そうして案内されたのは、同じフロアの面談室。四人掛けのテーブルに、ホワイトボードとノートパソコン。パソコン側に先生が座り、その正面に俺が座る。ホワイトボードの裏の窓から風が入り込んでくる。開かれたパソコンを操作して、先生は語りだした。
「今からお話しする内容は、辛城さんご本人から了承を得てのことです。また、身元引受人である加藤さん、つまりは辛城さんのご親族の知人から委任状を得てご説明いたします」
説明と同意の一環になるのだろうか、念押ししたその内容に、俺は強く頷く。先生も同様に頷いてから、テーブルの上に組んだ手を乗せて、静かに始めた。

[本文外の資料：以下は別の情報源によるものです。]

(* Let $V$ be a $(2n+1)$-dimensional complex vector space, $U\subset V$ a hyperplane, $V_\bullet$ a full flag in $V$, and $\omega$ a skew-symmetric bilinear form on $V$ whose restriction to $U$ is nondegenerate. Then there is a basis $\{e_1,\dots,e_{2n+1}\}$ of $V$ such that $e_1,\dots,e_{2n}\in U$, $e_{2n+1}$ spans $\ker(\omega)=\{v:\omega(v,\cdot)\equiv0\}$, the basis $\{e_1,\dots,e_{2n+1}\}$ is hyperbolic with respect to $\omega$, and each subspace $V_i$ of the flag is spanned by some vectors chosen among $e_1,\dots,e_{2n+1}$ and $e_1+e_{2n+1},\dots,e_{2n}+e_{2n+1}$ (i.e. there are vectors $v_1,\dots,v_{2n+1}$, each of the form $e_k$ or $e_k+e_{2n+1}$ with $k\le 2n$, or $e_{2n+1}$, with $V_i=\langle v_1,\dots,v_i\rangle$ for all $i$).
   Context: A full flag $V_\bullet$ in $V$ is a chain of subspaces $0\subset V_1\subset\dots\subset V_{2n+1}=V$ with $\dim V_i=i$. A basis $\{e_1,\dots,e_N\}$ is hyperbolic with respect to a skew-symmetric form $\omega$ if for every $i$ either $\omega(e_i,\cdot)\equiv 0$, or there is exactly one index $j$ with $\omega(e_i,e_j)\neq 0$, and for that $j$ one has $\omega(e_i,e_j)=\pm1$. *)

(* Vectors of V = F^N are row vectors 'rV[F]_N; subspaces are
   represented by row spaces of matrices (mxalgebra, scope %MS). *)
From HB Require Import structures.
From mathcomp Require Import all_boot all_order all_algebra.
Set Implicit Arguments. Unset Strict Implicit. Unset Printing Implicit Defensive.
Import Order.TTheory GRing.Theory Num.Theory.
Local Open Scope ring_scope.

Section Defs.
Variables (F : fieldType) (N : nat).

Definition bform (M : 'M[F]_N) (u v : 'rV[F]_N) : F := (u *m M *m v^T) 0 0.

Definition skew_form (M : 'M[F]_N) : Prop :=
  forall u v : 'rV[F]_N, bform M u v = - bform M v u.

Definition form_ker (M : 'M[F]_N) (v : 'rV[F]_N) : Prop :=
  forall w : 'rV[F]_N, bform M v w = 0.

Definition nondeg_on (M : 'M[F]_N) (m : nat) (U : 'M[F]_(m, N)) : Prop :=
  forall u : 'rV[F]_N, (u <= U)%MS ->
    (forall w : 'rV[F]_N, (w <= U)%MS -> bform M u w = 0) -> u = 0.

Definition hyperplane (m : nat) (U : 'M[F]_(m, N)) : Prop :=
  \rank U = N.-1.

(* full flag: V_1 ⊂ ... ⊂ V_N, V_(i+1) is given by Vf i, of dimension i+1 *)
Definition full_flag (Vf : 'I_N -> 'M[F]_N) : Prop :=
  (forall i : 'I_N, \rank (Vf i) = i.+1) /\
  (forall i j : 'I_N, (i <= j)%N -> (Vf i <= Vf j)%MS).

Definition is_basis (e : 'I_N -> 'rV[F]_N) : Prop :=
  row_free (\matrix_(i < N) e i).

Definition hyperbolic (M : 'M[F]_N) (e : 'I_N -> 'rV[F]_N) : Prop :=
  forall i : 'I_N,
    (forall w : 'rV[F]_N, bform M (e i) w = 0) \/
    (exists j : 'I_N,
        (forall k : 'I_N, bform M (e i) (e k) != 0 <-> k = j) /\
        (bform M (e i) (e j) = 1 \/ bform M (e i) (e j) = -1)).

Definition span_upto (v : 'I_N -> 'rV[F]_N) (i : 'I_N) : 'M[F]_N :=
  (\sum_(j < N | (j <= i)%N) <<v j>>)%MS.

End Defs.

From HB Require Import structures.
From mathcomp Require Import all_boot all_order all_algebra.
From mathcomp Require Import ring zify.
Import Order.TTheory GRing.Theory Num.Theory.
Set Implicit Arguments. Unset Strict Implicit. Unset Printing Implicit Defensive.
Local Open Scope ring_scope.

(* Since dim V = 2n+1 is odd and omega is skew, det omega = 0, so omega has a
   nonzero kernel vector k0 ('kernel_vector'); nondegeneracy on the
   hyperplane U forces V = U (+) <k0> and ker omega = <k0>.

   The heart of the proof is a symplectic Gram-Schmidt process adapted to a
   chain C_0 <= C_1 <= ... of subspaces of S + <k0> exhausting S, where omega
   is nondegenerate on S ('adapted_pairs').  Let x be a vector of the first
   C_a not contained in <k0>, and y a vector of the first C_b not orthogonal
   to x ('chain_escape').  After rescaling ('normalize_pair') x and y become
   e or e + k0 and f or f + k0 with omega(e, f) = 1 ('pick_pair'), and every
   C_i is spanned by its trace on S' + <k0>, S' = S /\ {e, f}^perp, together
   with those of x, y it contains ('span_step').  Since S' has dimension
   dim S - 2 and omega is nondegenerate on it ('rank_peel', 'nondeg_peel'),
   recursing on S' produces orthogonal hyperbolic pairs such that every C_i
   is spanned by the vectors of the finite set
   B = {k0} u {e_j, f_j} u {e_j + k0, f_j + k0} that it contains.

   Applied to S = U and the flag, the pairs followed by k0 form a basis with
   the standard Gram matrix ('gram'), hence a hyperbolic one; and a full flag
   each member of which is spanned by vectors of B is of the form
   <v_1, ..., v_i> with all v_i in B ('flag_from_spanned'). *)

Section Spans.
Variables (F : fieldType) (N : nat).
Implicit Types (A S : 'M[F]_N) (x k : 'rV[F]_N) (L : seq 'rV[F]_N).

Definition ssum L A : 'M[F]_N := (\sum_(x <- L | (x <= A)%MS) <<x>>)%MS.

Definition spanned L A : Prop := (A <= ssum L A)%MS.

Lemma ssum_sub L A m (X : 'M[F]_(m, N)) :
  (forall x, x \in L -> (x <= A)%MS -> (x <= X)%MS) -> (ssum L A <= X)%MS.
Proof.
elim: L => [|y L IHL] LX; rewrite /ssum ?big_nil ?sub0mx // big_cons.
have LX' : (ssum L A <= X)%MS.
  by apply: IHL => x xL; apply: LX; rewrite inE xL orbT.
by case: ifP => // yA; rewrite addsmx_sub genmxE LX ?mem_head.
Qed.

Lemma ssum_sup L A x : x \in L -> (x <= A)%MS -> (x <= ssum L A)%MS.
Proof.
move=> xL xA; rewrite /ssum (big_rem x) //= xA.
by apply: submx_trans (addsmxSl _ _); rewrite genmxE.
Qed.

Lemma ssum_mono L1 L2 A1 A2 : {subset L1 <= L2} -> (A1 <= A2)%MS ->
  (ssum L1 A1 <= ssum L2 A2)%MS.
Proof.
move=> sL sA; apply: ssum_sub => x xL xA; apply: ssum_sup; first exact: sL.
exact: submx_trans sA.
Qed.

Lemma scale_ssum L A c x : x \in L -> (c = 0 \/ (x <= A)%MS) ->
  (c *: x <= A :&: ssum L A)%MS.
Proof.
move=> xL [->|xA]; first by rewrite scale0r sub0mx.
by rewrite sub_capmx !scalemx_sub // ssum_sup.
Qed.

Lemma rank_add_notin m (A : 'M[F]_(m, N)) x :
  ~~ (x <= A)%MS -> (\rank A < \rank (A + x)%MS)%N.
Proof.
move=> xA; rewrite rank_ltmx // ltmxE addsmxSl /=.
by apply: contra xA; apply: submx_trans; apply: addsmxSr.
Qed.

Lemma sub_rank_eq m1 m2 (A : 'M[F]_(m1, N)) (B : 'M[F]_(m2, N)) :
  (A <= B)%MS -> (\rank B <= \rank A)%N -> (B <= A)%MS.
Proof. by move=> sAB h; rewrite -(mxrank_leqif_sup sAB).2 eqn_leq mxrankS. Qed.

Lemma sub_adds_line S k w : (w <= S + k)%MS ->
  exists s t, (s <= S)%MS /\ w = s + t *: k.
Proof.
case/sub_addsmxP => [[u1 u2]] /= ->; exists (u1 *m S), (u2 0 0); split.
  exact: submxMl.
by rewrite {1}(mx11_scalar u2) mul_scalar_mx.
Qed.

Definition chain (C : nat -> 'M[F]_N) : Prop :=
  forall i j, (i <= j)%N -> (C i <= C j)%MS.

Lemma chain_escape (C : nat -> 'M[F]_N) m (X : 'M[F]_(m, N)) : chain C ->
  (exists i0, ~~ (C i0 <= X)%MS) ->
  exists a (z : 'rV[F]_N),
    [/\ ~~ (z <= X)%MS, forall i, (a <= i)%N -> (z <= C i)%MS
       & forall i, (i < a)%N -> (C i <= X)%MS].
Proof.
move=> chC exC; case: (ex_minnP exC) => a CaX amin.
case/row_subPn: CaX => r zX; exists a, (row r (C a)); split=> // i.
  by move=> ai; apply: submx_trans (row_sub r _) (chC _ _ ai).
by move=> ia; apply/negPn/negP => /amin; rewrite leqNgt ia.
Qed.

Lemma basis_of_spanning (e : 'I_N -> 'rV[F]_N) L A :
  {in L, forall x, (x <= \matrix_i e i)%MS} -> spanned L A -> \rank A = N ->
  is_basis e.
Proof.
move=> Le spA rA; rewrite /is_basis /row_free eqn_leq rank_leq_row /= -{1}rA.
by apply/mxrankS/(submx_trans spA)/ssum_sub => x xL _; apply: Le.
Qed.

End Spans.

Section Flags.
Variables (F : fieldType) (m : nat) (Vf : 'I_m.+1 -> 'M[F]_m.+1).
Hypothesis flagV : full_flag Vf.

Definition flag_prev (i : 'I_m.+1) : 'M[F]_m.+1 :=
  if val i is j.+1 then Vf (inord j) else 0.

Lemma flag_prev_rank i : \rank (flag_prev i) = i.
Proof.
case: i => [[|j] lt_j] /=; rewrite /flag_prev /=; first by rewrite mxrank0.
by rewrite flagV.1 inordK // ltnW.
Qed.

Lemma flag_prev_sub i : (flag_prev i <= Vf i)%MS.
Proof.
case: i => [[|j] lt_j]; rewrite /flag_prev /= ?sub0mx //.
by apply: flagV.2; rewrite inordK /=; lia.
Qed.

Lemma flag_step i (x : 'rV[F]_m.+1) :
  (x <= Vf i)%MS -> ~~ (x <= flag_prev i)%MS -> (Vf i <= flag_prev i + x)%MS.
Proof.
move=> xV xP; apply: sub_rank_eq; first by rewrite addsmx_sub flag_prev_sub.
by rewrite flagV.1; have := rank_add_notin xP; rewrite flag_prev_rank.
Qed.

Lemma span_upto_mono (v : 'I_m.+1 -> 'rV[F]_m.+1) (i j : 'I_m.+1) :
  (j <= i)%N -> (span_upto v j <= span_upto v i)%MS.
Proof.
move=> ji; apply/sumsmx_subP => k kj; apply: (sumsmx_sup k) => //.
exact: leq_trans kj ji.
Qed.

Lemma flag_from_spanned (L : seq 'rV[F]_m.+1) :
  (forall i, spanned L (Vf i)) ->
  exists v : 'I_m.+1 -> 'rV[F]_m.+1,
    (forall i, v i \in L) /\ (forall i, (Vf i == span_upto v i)%MS).
Proof.
move=> spV.
have new i : exists x, (x \in L) && (x <= Vf i)%MS && ~~ (x <= flag_prev i)%MS.
  have : has (fun x => (x <= Vf i)%MS && ~~ (x <= flag_prev i)%MS) L.
    apply/negPn/negP => /hasPn noL.
    have : (Vf i <= flag_prev i)%MS.
      apply: submx_trans (spV i) _; apply: ssum_sub => x xL xV.
      by move: (noL x xL); rewrite xV negbK.
    by move/mxrankS; rewrite flagV.1 flag_prev_rank ltnn.
  by case/hasP => x xL xnew; exists x; rewrite xL.
have [v hv] := fin_all_exists new.
exists v; split=> [i|]; first by case/andP: (hv i) => /andP[].
have vV i : (span_upto v i <= Vf i)%MS.
  apply/sumsmx_subP => j ji; rewrite genmxE.
  by case/andP: (hv j) => /andP[_ vjV] _; apply: submx_trans vjV (flagV.2 _ _ ji).
suff Vv k (i : 'I_m.+1) : i = k :> nat -> (Vf i <= span_upto v i)%MS.
  by move=> i; rewrite /eqmx (Vv i) // vV.
elim: k i => [|k IHk] i ik; case/andP: (hv i) => /andP[_ viV] viP;
  apply: submx_trans (flag_step viV viP) _;
  rewrite addsmx_sub andbC (sumsmx_sup i) ?genmxE //=.
  by case: i ik {viV viP} => [[|j] lt_j] //= _; rewrite /flag_prev sub0mx.
case: i ik {viV viP} => [[|j] lt_j] //= [jk]; rewrite /flag_prev /=.
have lt_jm : (j < m.+1)%N by rewrite ltnW.
have IHj := IHk (inord j); rewrite inordK // in IHj.
by apply: submx_trans (IHj jk) (span_upto_mono _ _); rewrite /= inordK.
Qed.
(* Let $\beta>0$ and $M\ge1$. Every solution $\mathbf{p}\in\mathbb{R}^M$ of the system $$\mathbf{p}=\big\langle \mathbf{s}\,\tanh(\beta\,\mathbf{s}\cdot\mathbf{p})\big\rangle_{\mathbf{s}}$$ has all components equal: $p^\mu=p^\nu$ for all $\mu,\nu\in\{1,\dots,M\}$.
   Context: $m_0(\beta):=\lim_{h\to0^+}m_0(\beta,h)$, where $m_0(\beta,h)$ is the unique solution of $m=\tanh(\beta m+h)$ for $h>0$; equivalently $m_0(\beta)$ is the largest nonnegative solution of $m=\tanh(\beta m)$ (so $m_0(\beta)=0$ for $\beta\le1$ and $m_0(\beta)>0$ for $\beta>1$). $\langle\cdot\rangle_{\mathbf{s}}$ denotes expectation over $\mathbf{s}\in\{-1,1\}^M$ with i.i.d. entries of mean $m_0(\beta)$, i.e. weight $e^{\beta m_0\sum_\mu s_\mu}/(2\cosh(\beta m_0))^M$. *)

From HB Require Import structures.
From mathcomp Require Import all_boot all_order all_algebra.
From mathcomp Require Import all_classical all_reals all_analysis.
Set Implicit Arguments. Unset Strict Implicit. Unset Printing Implicit Defensive.
Import Order.TTheory GRing.Theory Num.Theory.
Local Open Scope classical_set_scope.
Local Open Scope ring_scope.

Definition coshR {R : realType} (x : R) : R := (expR x + expR (- x)) / 2.
Definition tanhR {R : realType} (x : R) : R :=
  (expR x - expR (- x)) / (expR x + expR (- x)).

(* m_0(beta): largest nonnegative solution of m = tanh(beta m)
   (the solution set is nonempty (contains 0), closed and bounded by 1,
   so its supremum is its maximum). *)
Definition m0 {R : realType} (beta : R) : R :=
  sup [set m : R | 0 <= m /\ m = tanhR (beta * m)].

Definition spin {M : nat} (s : {ffun 'I_M -> bool}) (mu : 'I_M) {R : realType} : R :=
  if s mu then 1 else -1.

「彼女はご覧になったように眠っています。現時点で1カ月間は経過しています」
「いっかげつ、って、ずっとですか?」
「はい。ですがこれは、植物状態や一般的に言われる『寝たきり』とは少し違います。私たちは基本的に、夜に睡眠をとっていますが、彼女はそれが連続している状態です」
「連続、って」
「ずっと、です。脳波を測定しても睡眠期を示します。そして、覚醒していたとしても所謂それは『寝ぼけている』状態であり、ほとんどの場合はその間のことを覚えていません」
「な、ん……」
なんなんだ、それは。そんな状態がありえるのか。眠っているだけ? そんな、だって。 え? 寝ること自体は不思議じゃないけれど……。寝たきりとは違う?
「【クライネ・レビン症候群】と言います。難病にも指定されていないほど珍しい病気で、【眠り姫病】、【反復性過眠症】とも言われます」
クライネ・レビン? 眠り姫……?
困惑する。入ってきた言葉が頭の中でぐるぐると回る。理解が追い付かなかった。先生はそんな状態の俺を察してか、少しの間無言だった。
おもむろに立ち上がると、部屋の出入り口付近の受話器に手を取って、何やら話をしていた。席に戻ってきて数秒後、事務さんらしき人がペットボトルのお茶をテーブルに置いて行った。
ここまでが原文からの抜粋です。